First we define which Base Model and Dataset we want to use:


*   [LeoLM (Finetuned LLaMA 2 for German Language)](https://huggingface.co/LeoLM/leo-hessianai-7b-chat)
*   [Dataset generated from CS_Dataset Notebook](https://huggingface.co/datasets/JannesKl/100_Informatik_Saetze_3)



In [3]:
# LeoLM Model from Hugging Face (This is a finetuned Version of LLaMA 2 specified on german language)
base_model = "LeoLM/leo-hessianai-7b-chat"

# My generated Dataset 
my_dataset = "JannesKl/RewriteScientificallyDataset_German_LLaMA2_Format"

# Fine-tuned model
new_model = "DocumentStyleCheckerV2"

Next we download the previously generated dataset from Hugging Face.

In [4]:
dataset = load_dataset(my_dataset, split="train")

Next we define the configuration of how the values of the Weightsmatrix should be quantized (rounded).
In this case, we use 4 Bit Quanitsation, which means that the values we will train will be scailed down from 16 Bit to 4 Bit Representation.

NormalFloat4Bit (nf4) quantization is used, which effectively balances performance and precision by using a 4-bit representation for weight values. 
This helps in reducing memory usage significantly while maintaining computational efficiency.

We avoid using double quantization (double_quant) because it can lead to significant performance loss without substantial memory savings.

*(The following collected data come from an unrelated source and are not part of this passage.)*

Lemma reach_antisym a b : reach a b -> reach b a -> a = b.
Proof.
move=> Hab Hba; apply/eqP/negP => /negP Nab.
by have := reach_lt Hab Nab; rewrite ltNge reach_le.
Qed.

Lemma precE a b : prec a b <-> reach a b /\ a != b.
Proof.
split=> [[q [Hq Hp]]|[[q Hp] Nab]]; last by exists q; rewrite (dpath_neq_nil Hp).
by split; [exists q | apply: contraTneq (dpath_lt Hp Hq) => ->; rewrite ltxx].
Qed.

Lemma prec_lt a b : prec a b -> h a < h b.
Proof. by move=> /precE[Hab Nab]; apply: reach_lt. Qed.

Lemma prec_reach a b : prec a b -> reach a b.
Proof. by case/precE. Qed.

Lemma prec_neq a b : prec a b -> a != b.
Proof. by case/precE. Qed.

Lemma reach_prec_trans a b c : reach a b -> prec b c -> prec a c.
Proof.
move=> Hab Hbc; apply/precE; split; first exact: reach_trans Hab (prec_reach Hbc).
by apply: contraTneq (le_lt_trans (reach_le Hab) (prec_lt Hbc)) => ->; rewrite ltxx.
Qed.

Lemma prec_trans a b c : prec a b -> prec b c -> prec a c.
Proof. by move/prec_reach; apply: reach_prec_trans. Qed.

Lemma on_dpath a b q v : dp a b q -> v \in a :: q -> reach a v /\ reach v b.
Proof. by move=> Hq /(dpath_split Hq)[q1 [q2 [_ H1 H2]]]; split; [exists q1 | exists q2]. Qed.

Lemma on_dpath_behead a b q v : dp a b q -> v \in q -> prec a v.
Proof.
move=> Hq Hv; apply/precE; split; first by apply: (proj1 (on_dpath Hq _)); rewrite inE Hv orbT.
by case: Hq => Hw _ _; apply: contraTneq (dwalk_lt Hw Hv) => ->; rewrite ltxx.
Qed.

Lemma stpath_dwalk q1 a q : stpath (q1 ++ a :: q) -> dw a q.
Proof.
elim: q q1 a => [|b q IH] q1 a //= Hst; split; first by exists q1, q.
by apply: (IH (rcons q1 a)); rewrite cat_rcons.
Qed.

Lemma VD_reach v : VD E w s t v -> reach s v /\ reach v t.
Proof.
move=> [q1 [q2 Hst]]; have [p [Hsp [_ Hl] _]] := Hst.
have Hp : dp s t p.
  by apply/dpathE; split => //; rewrite Hsp in Hst; apply: (stpath_dwalk (q1 := [::])).
by apply: (on_dpath Hp); rewrite -Hsp mem_cat mem_head orbT.
Qed.
(* Let $m\le n$. Then every instance with $n$ agents with monotone valuations and $m$ goods has at least $\frac{n!}{(n-m)!}$ EFX allocations, and there exists an instance with $n$ agents with additive valuations and $m$ goods that has exactly $\frac{n!}{(n-m)!}$ EFX allocations. *)

From mathcomp Require Import all_boot all_order all_algebra.
Set Implicit Arguments. Unset Strict Implicit. Unset Printing Implicit Defensive.
Import Order.TTheory GRing.Theory Num.Theory.
Local Open Scope ring_scope.

Definition valuations (R : realFieldType) (n m : nat) :=
  'I_n -> {set 'I_m} -> R.

Definition monotone_vals (R : realFieldType) (n m : nat) (v : valuations R n m) :=
  forall (i : 'I_n) (S T : {set 'I_m}), S \subset T -> v i S <= v i T.

Definition additive_vals (R : realFieldType) (n m : nat) (v : valuations R n m) :=
  exists w : 'I_n -> 'I_m -> R,
    (forall i g, 0 <= w i g) /\
    (forall i (S : {set 'I_m}), v i S = \sum_(g in S) w i g).

(* A (complete) allocation assigns every good to exactly one agent. *)
Definition allocation (n m : nat) := {ffun 'I_m -> 'I_n}.

Definition bundle (n m : nat) (A : allocation n m) (i : 'I_n) : {set 'I_m} :=
  [set g | A g == i].

Definition EFX (R : realFieldType) (n m : nat) (v : valuations R n m)
  (A : allocation n m) : bool :=
  [forall i : 'I_n, forall j : 'I_n, forall g : 'I_m,
     (g \in bundle A j) ==> (v i (bundle A j :\ g) <= v i (bundle A i))].

Definition num_EFX (R : realFieldType) (n m : nat) (v : valuations R n m) : nat :=
  #|[set A : allocation n m | EFX v A]|.

(* An allocation that gives every agent at most one good is EFX for monotone
   valuations: removing a good from a singleton bundle leaves the empty
   bundle, which nobody values above their own.  When m <= n there are
   n!/(n-m)! such (injective) allocations.  For the valuation counting goods,
   nothing else is EFX: a non-injective allocation leaves some agent with
   nothing, and that agent envies a bundle of two goods even after one of
   them is removed. *)

From mathcomp Require Import all_boot all_order all_algebra.
Set Implicit Arguments. Unset Strict Implicit. Unset Printing Implicit Defensive.
Import Order.TTheory GRing.Theory Num.Theory.
Local Open Scope ring_scope.

Lemma in_bundle (n m : nat) (A : allocation n m) (i : 'I_n) (g : 'I_m) :
  (g \in bundle A i) = (A g == i).
Proof. by rewrite inE. Qed.

Lemma card_injective_allocations (n m : nat) : (m <= n)%N ->
  #|[set A : allocation n m | injectiveb A]| = (n`! %/ (n - m)`!)%N.
Proof. by move=> le_mn; rewrite card_inj_ffuns !card_ord ffact_factd. Qed.

Lemma bundle_injective_setD1 (n m : nat) (A : allocation n m) (j : 'I_n)
    (g : 'I_m) :
  injective A -> g \in bundle A j -> bundle A j :\ g = set0.
Proof.
move=> injA; rewrite in_bundle => /eqP Agj; apply/setP=> h.
rewrite !inE; apply/negbTE/andP => -[/eqP neq_hg /eqP Ahj].
by apply: neq_hg; apply: injA; rewrite Ahj.
Qed.

Lemma injective_allocation_EFX (R : realFieldType) (n m : nat)
    (v : valuations R n m) (A : allocation n m) :
  monotone_vals v -> injective A -> EFX v A.
Proof.
move=> mon injA; apply/forallP=> i; apply/forallP=> j; apply/forallP=> g.
apply/implyP=> gj; rewrite bundle_injective_setD1 //.
exact/mon/sub0set.
Qed.

Lemma noninjective_allocation_empty_bundle (n m : nat) (A : allocation n m) :
  (m <= n)%N -> ~~ injectiveb A -> exists i : 'I_n, bundle A i = set0.
Proof.
move=> le_mn ninjA.
have lt_codom_m : (#|codom A| < m)%N.
  rewrite ltn_neqAle -[X in (_ <= X)%N]card_ord leq_image_card andbT.
  apply: contra ninjA; rewrite -[X in _ == X]card_ord => /image_injP injA.
  by apply/injectiveP => x y; apply: injA.
have /subsetPn [i _ i_ncodom] : ~~ ([set: 'I_n] \subset codom A).
  apply: contraL lt_codom_m => /subset_leq_card.
  by rewrite cardsT card_ord -leqNgt => /(leq_trans le_mn).
exists i; apply/setP=> g; rewrite in_bundle inE.
by apply: contraNF i_ncodom => /eqP <-; apply: codom_f.
Qed.

Definition card_vals (R : realFieldType) (n m : nat) : valuations R n m :=
  fun _ S => (#|S|)%:R.
Arguments card_vals : clear implicits.

Lemma card_vals_additive (R : realFieldType) (n m : nat) :
  additive_vals (card_vals R n m).
Proof. by exists (fun _ _ => 1); split=> // i S; rewrite sumr_const. Qed.

Lemma card_vals_monotone (R : realFieldType) (n m : nat) :
  monotone_vals (card_vals R n m).
Proof. by move=> i S T /subset_leq_card; rewrite ler_nat. Qed.

Lemma EFX_card_vals (R : realFieldType) (n m : nat) (A : allocation n m) :
  (m <= n)%N -> EFX (card_vals R n m) A = injectiveb A.
Proof.
move=> le_mn; apply/idP/idP => [|/injectiveP]; last first.
  exact/injective_allocation_EFX/card_vals_monotone.
apply: contraLR => ninjA.
have [i bundle_i0] := noninjective_allocation_empty_bundle le_mn ninjA.
have [x [y neq_xy Axy]] := injectivePn _ ninjA.
apply/forallP => /(_ i) /forallP /(_ (A x)) /forallP /(_ x).
rewrite in_bundle eqxx /= /card_vals bundle_i0 cards0 ler_nat leqn0.
move=> /eqP /cards0_eq /setP /(_ y).
by rewrite !inE eq_sym neq_xy Axy eqxx.
Qed.

Theorem proposition3 (R : realFieldType) (n m : nat) :
  (m <= n)%N ->
  (forall v : valuations R n m, monotone_vals v ->
     (n`! %/ (n - m)`! <= num_EFX v)%N) /\
  (exists v : valuations R n m, additive_vals v /\
     num_EFX v = (n`! %/ (n - m)`!)%N).
Proof.
move=> le_mn; rewrite -card_injective_allocations //; split.
  move=> v mon; apply: subset_leq_card; apply/subsetP=> A.
  by rewrite !inE => /injectiveP /(injective_allocation_EFX mon).
exists (card_vals R n m); split; first exact: card_vals_additive.
by apply: eq_card => A; rewrite !inE EFX_card_vals.
Qed.
Lemma sb_ybe (x y z : G) :
  (lam (lam x y) (lam (rho y x) z), rho (lam (rho y x) z) (lam x y),
   rho z (rho y x)) =
  (lam x (lam y z), lam (rho (lam y z) x) (rho z y),
   rho (rho z y) (rho (lam y z) x)).
Proof.
have e1 : lam (lam x y) (lam (rho y x) z) = lam x (lam y z).
  by rewrite -lamM lam_rho lamM.
have e3 : rho z (rho y x) = rho (rho z y) (rho (lam y z) x).
  by rewrite -!rhoM lam_rho.
congr (_, _, _) => //; apply: (mulgI (lam x (lam y z))).
apply: (mulIg (rho z (rho y x))).
rewrite -{1}e1 lam_rho -mulgA lam_rho mulgA lam_rho e3.
by rewrite -lamMr lam_rho -rhoM !lam_rho mulgA.
Qed.

Lemma sb_solution_is_solution : is_solution (sb_solution B).
Proof.
split.
- apply: fin_surj_bij => -[u v].
  by have [x [y [<- <-]]] := sb_solution_surj u v; exists (x, y).
- by move=> a; exists (lam (a : G)^-1); [exact: lamK | exact: lamKV].
- by move=> b; exists (rho (b : G)^-1); [exact: rhoK | exact: rhoKV].
- by move=> [[x y] z]; exact: sb_ybe.
Qed.

End BraceMaps.

Section IdealQuotient.
Variables (T : finType) (B : skew_brace T).
Local Notation G := (circ_group B).
Local Notation add := (sb_add B).
Local Notation opp := (sb_opp B).

Definition circ_set (A : {set T}) : {set G} := [set x : G | (x : T) \in A].

Lemma card_circ_set (P : pred T) :
  #|[set x : G | P x]| = #|[set x : T | P x]|.
Proof. by rewrite !cardsE !cardE /enum_mem !unlock. Qed.

Lemma ideal_group_set I : is_ideal B I -> group_set (circ_set I).
Proof.
case=> [[I0 _ _] [IM _] _ _ _]; apply/group_setP; split; first by rewrite inE.
by move=> x y; rewrite !inE; exact: IM.
Qed.

Variables (I : {set T}) (hI : is_ideal B I).

Definition ideal_group : {group G} := Group (ideal_group_set hI).
Local Notation N := ideal_group.
Local Notation f := (coset N).

Lemma mem_ideal_group (x : G) : (x \in N) = (x \in I).
Proof. by rewrite inE. Qed.

Lemma card_ideal_group : #|N| = #|I|.
Proof.
by rewrite /= /circ_set card_circ_set; apply: eq_card => x; rewrite inE.
Qed.

Lemma ideal_norm (a : G) : a \in 'N(N).
Proof.
case: hI => _ _ _ _ IJ; rewrite inE; apply/subsetP => _ /imsetP[n nN ->].
rewrite mem_ideal_group conjgE mulgA -{2}(invgK a).
by apply: (IJ a^-1); rewrite -mem_ideal_group.
Qed.

Lemma ideal_lam (a n : G) : n \in N -> lam a n \in N.
Proof.
case: hI => _ _ IL _ _; rewrite !mem_ideal_group => nI.
by rewrite -(IL a); apply: imset_f.
Qed.

Lemma mem_ideal_lam (a n : G) : (lam a n \in N) = (n \in N).
Proof. by apply/idP/idP => [/(ideal_lam a^-1) | /ideal_lam //]; rewrite lamK. Qed.

Lemma coset_addr (w n : G) : n \in N -> f (add w n) = f w.
Proof.
move=> nN; have -> : add w n = w * lam w^-1 n.
  by rewrite circ_lam -lamM mulgV lam1g.
by rewrite coset_kerr ?ideal_lam.
Qed.

Lemma coset_addl (w n : G) : n \in N -> f (add n w) = f w.
Proof.
case: hI => _ _ _ IA _ nN.
have -> : add n w = add w (add (add (opp w) n) (opp (opp w))).
  by rewrite sb_oppK -sb_addA sb_addNKl.
by rewrite coset_addr // mem_ideal_group IA // -mem_ideal_group.
Qed.

Lemma coset_lam_ideal (n w : G) : n \in N -> f (lam n w) = f w.
Proof.
case: hI => [[_ _ IN] _ _ _ _] nN.
rewrite /lam /sb_lambda coset_addl -?[sb_circ B n w]/(n * w) ?coset_kerl //.
by rewrite mem_ideal_group IN // -mem_ideal_group.
Qed.

Lemma ideal_cosetM (a b : G) : f (a * b) = f a * f b.
Proof. by rewrite morphM ?ideal_norm. Qed.

Lemma ideal_cosetV (a : G) : f a^-1 = (f a)^-1.
Proof. by rewrite morphV ?ideal_norm. Qed.

Lemma ideal_coset_eq (a b : G) : f a = f b -> exists2 n, n \in N & a = n * b.
Proof. exact: kercoset_rcoset (ideal_norm a) (ideal_norm b). Qed.

Lemma coset_lamr (x a b : G) : f a = f b -> f (lam x a) = f (lam x b).
Proof.
move=> /ideal_coset_eq[n nN ->].
have nxN : x * n * x^-1 \in N.
  by rewrite -{1}(invgK x) -mulgA -conjgE memJ_norm ?groupV ?ideal_norm.
rewrite circ_lam lamD coset_addl ?ideal_lam // -lamM -(mulgKV x (x * n)).
by rewrite lamM coset_lam_ideal.
Qed.

Lemma coset_lam (x x' y y' : G) :
  f x = f x' -> f y = f y' -> f (lam x y) = f (lam x' y').
Proof.
move=> /esym/ideal_coset_eq[n nN ->].
by move=> /(coset_lamr x) ->; rewrite lamM [RHS]coset_lam_ideal.
Qed.

Lemma coset_rho (x x' y y' : G) :
  f x = f x' -> f y = f y' -> f (rho y x) = f (rho y' x').
Proof.
move=> fx fy; rewrite /rho !ideal_cosetM !ideal_cosetV fx fy.
by rewrite (coset_lam fx fy).
Qed.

For further information read the [QLoRA paper](https://arxiv.org/pdf/2305.14314).

In [5]:
compute_dtype = getattr(torch, "float16")

quant_config = BitsAndBytesConfig(
    load_in_4bit=True,
    bnb_4bit_quant_type="nf4",
    bnb_4bit_compute_dtype=compute_dtype,
    bnb_4bit_use_double_quant=False,
)

We will now load the Base-Model with our previous quantization configuration.
By setting device_map="auto" we ask the loader to distribute the model efficiently across all available GPU devices.

In [6]:
model = AutoModelForCausalLM.from_pretrained(
    base_model,
    quantization_config=quant_config
)

`low_cpu_mem_usage` was None, now set to True since model is quantized.


Loading checkpoint shards:   0%|          | 0/2 [00:00<?, ?it/s]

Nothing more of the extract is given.